Look through the records below for the line with "epsilon (inhabits 0)". Return that line and each one after it up to and including the line with "(* Consider an", exactly.

+-------+

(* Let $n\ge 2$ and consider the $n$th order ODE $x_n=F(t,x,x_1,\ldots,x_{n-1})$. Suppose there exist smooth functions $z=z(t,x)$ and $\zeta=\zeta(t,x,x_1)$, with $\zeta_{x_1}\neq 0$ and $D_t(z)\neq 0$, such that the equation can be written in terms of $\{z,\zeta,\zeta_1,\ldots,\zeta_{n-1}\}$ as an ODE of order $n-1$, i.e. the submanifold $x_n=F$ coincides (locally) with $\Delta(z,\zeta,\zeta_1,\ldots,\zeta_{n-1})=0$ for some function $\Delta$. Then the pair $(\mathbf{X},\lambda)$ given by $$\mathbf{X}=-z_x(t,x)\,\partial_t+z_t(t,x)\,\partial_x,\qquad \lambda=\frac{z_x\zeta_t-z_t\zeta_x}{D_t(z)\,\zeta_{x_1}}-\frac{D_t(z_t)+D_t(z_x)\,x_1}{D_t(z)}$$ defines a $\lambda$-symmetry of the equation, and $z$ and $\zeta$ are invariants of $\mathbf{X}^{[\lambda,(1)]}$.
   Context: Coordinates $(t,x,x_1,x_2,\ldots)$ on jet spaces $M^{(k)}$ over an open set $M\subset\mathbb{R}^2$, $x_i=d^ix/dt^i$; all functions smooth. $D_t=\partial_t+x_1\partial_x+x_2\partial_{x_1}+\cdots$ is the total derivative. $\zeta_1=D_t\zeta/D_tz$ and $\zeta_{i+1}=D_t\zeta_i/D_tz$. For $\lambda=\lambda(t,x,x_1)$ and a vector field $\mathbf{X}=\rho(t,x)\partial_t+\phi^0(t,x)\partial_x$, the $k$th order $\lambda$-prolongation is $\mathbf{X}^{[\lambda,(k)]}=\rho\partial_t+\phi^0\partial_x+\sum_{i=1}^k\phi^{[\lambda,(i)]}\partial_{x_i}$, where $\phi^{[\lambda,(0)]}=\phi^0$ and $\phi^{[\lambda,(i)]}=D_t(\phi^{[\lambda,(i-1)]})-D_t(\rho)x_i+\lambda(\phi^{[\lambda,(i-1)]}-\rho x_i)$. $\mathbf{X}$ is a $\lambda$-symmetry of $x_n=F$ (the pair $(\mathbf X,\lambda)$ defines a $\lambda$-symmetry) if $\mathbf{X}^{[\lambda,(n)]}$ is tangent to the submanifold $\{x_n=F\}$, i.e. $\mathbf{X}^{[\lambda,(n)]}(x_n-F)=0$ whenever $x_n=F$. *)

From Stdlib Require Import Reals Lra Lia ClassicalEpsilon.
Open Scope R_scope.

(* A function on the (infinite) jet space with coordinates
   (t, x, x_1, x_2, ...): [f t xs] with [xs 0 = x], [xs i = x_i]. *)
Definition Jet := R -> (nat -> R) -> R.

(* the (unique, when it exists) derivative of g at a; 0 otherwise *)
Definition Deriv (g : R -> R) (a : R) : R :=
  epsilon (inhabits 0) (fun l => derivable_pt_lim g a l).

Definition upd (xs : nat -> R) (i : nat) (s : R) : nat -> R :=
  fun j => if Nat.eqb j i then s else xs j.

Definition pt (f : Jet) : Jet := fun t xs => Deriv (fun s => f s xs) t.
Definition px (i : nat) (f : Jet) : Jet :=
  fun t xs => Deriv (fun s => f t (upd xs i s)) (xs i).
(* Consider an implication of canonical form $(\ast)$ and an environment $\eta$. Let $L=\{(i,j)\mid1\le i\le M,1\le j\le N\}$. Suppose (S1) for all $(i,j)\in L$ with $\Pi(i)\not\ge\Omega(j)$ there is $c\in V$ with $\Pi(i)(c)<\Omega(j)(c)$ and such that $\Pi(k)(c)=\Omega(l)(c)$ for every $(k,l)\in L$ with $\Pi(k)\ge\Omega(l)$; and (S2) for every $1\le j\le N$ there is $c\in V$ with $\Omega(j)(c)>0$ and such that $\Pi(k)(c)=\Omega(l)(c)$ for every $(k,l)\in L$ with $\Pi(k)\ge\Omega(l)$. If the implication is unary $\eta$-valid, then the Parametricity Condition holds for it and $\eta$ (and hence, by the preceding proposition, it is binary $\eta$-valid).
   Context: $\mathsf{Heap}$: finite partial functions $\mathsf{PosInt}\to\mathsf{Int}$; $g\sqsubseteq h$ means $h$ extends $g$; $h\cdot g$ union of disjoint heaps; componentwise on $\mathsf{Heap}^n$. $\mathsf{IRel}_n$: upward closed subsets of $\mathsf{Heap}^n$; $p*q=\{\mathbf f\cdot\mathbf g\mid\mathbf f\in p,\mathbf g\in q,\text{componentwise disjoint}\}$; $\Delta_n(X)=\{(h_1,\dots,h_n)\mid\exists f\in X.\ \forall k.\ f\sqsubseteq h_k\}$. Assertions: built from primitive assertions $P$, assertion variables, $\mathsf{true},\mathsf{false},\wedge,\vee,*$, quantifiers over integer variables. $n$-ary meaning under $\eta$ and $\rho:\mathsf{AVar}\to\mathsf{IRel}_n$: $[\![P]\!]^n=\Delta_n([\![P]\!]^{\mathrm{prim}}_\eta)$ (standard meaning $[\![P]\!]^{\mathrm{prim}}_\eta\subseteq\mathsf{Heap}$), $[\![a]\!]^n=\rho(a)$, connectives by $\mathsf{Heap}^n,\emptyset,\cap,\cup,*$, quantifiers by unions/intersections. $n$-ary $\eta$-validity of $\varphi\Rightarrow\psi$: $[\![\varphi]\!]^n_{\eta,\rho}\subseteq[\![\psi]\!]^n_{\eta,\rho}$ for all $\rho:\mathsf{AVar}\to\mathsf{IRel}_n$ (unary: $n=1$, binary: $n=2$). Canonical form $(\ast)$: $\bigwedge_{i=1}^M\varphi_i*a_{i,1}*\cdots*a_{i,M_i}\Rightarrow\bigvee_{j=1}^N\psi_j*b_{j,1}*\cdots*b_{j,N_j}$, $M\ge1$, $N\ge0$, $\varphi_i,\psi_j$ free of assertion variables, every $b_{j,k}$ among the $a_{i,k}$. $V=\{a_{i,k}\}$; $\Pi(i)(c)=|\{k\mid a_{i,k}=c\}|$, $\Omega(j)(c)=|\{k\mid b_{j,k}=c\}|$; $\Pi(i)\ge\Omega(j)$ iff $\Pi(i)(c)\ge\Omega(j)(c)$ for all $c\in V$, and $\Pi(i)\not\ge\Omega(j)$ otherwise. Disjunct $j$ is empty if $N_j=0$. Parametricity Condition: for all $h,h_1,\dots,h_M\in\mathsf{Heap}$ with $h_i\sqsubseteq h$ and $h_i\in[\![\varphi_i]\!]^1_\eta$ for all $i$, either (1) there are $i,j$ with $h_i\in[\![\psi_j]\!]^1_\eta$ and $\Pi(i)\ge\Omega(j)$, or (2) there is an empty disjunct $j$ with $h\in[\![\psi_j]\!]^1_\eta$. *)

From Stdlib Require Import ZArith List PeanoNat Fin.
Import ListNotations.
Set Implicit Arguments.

+-------+

> [RESULT OF THIS EXERCISE]:
  epsilon (inhabits 0) (fun l => derivable_pt_lim g a l).

Definition upd (xs : nat -> R) (i : nat) (s : R) : nat -> R :=
  fun j => if Nat.eqb j i then s else xs j.

Definition pt (f : Jet) : Jet := fun t xs => Deriv (fun s => f s xs) t.
Definition px (i : nat) (f : Jet) : Jet :=
  fun t xs => Deriv (fun s => f t (upd xs i s)) (xs i).
(* Consider an implication of canonical form $(\ast)$ and an environment $\eta$. Let $L=\{(i,j)\mid1\le i\le M,1\le j\le N\}$. Suppose (S1) for all $(i,j)\in L$ with $\Pi(i)\not\ge\Omega(j)$ there is $c\in V$ with $\Pi(i)(c)<\Omega(j)(c)$ and such that $\Pi(k)(c)=\Omega(l)(c)$ for every $(k,l)\in L$ with $\Pi(k)\ge\Omega(l)$; and (S2) for every $1\le j\le N$ there is $c\in V$ with $\Omega(j)(c)>0$ and such that $\Pi(k)(c)=\Omega(l)(c)$ for every $(k,l)\in L$ with $\Pi(k)\ge\Omega(l)$. If the implication is unary $\eta$-valid, then the Parametricity Condition holds for it and $\eta$ (and hence, by the preceding proposition, it is binary $\eta$-valid).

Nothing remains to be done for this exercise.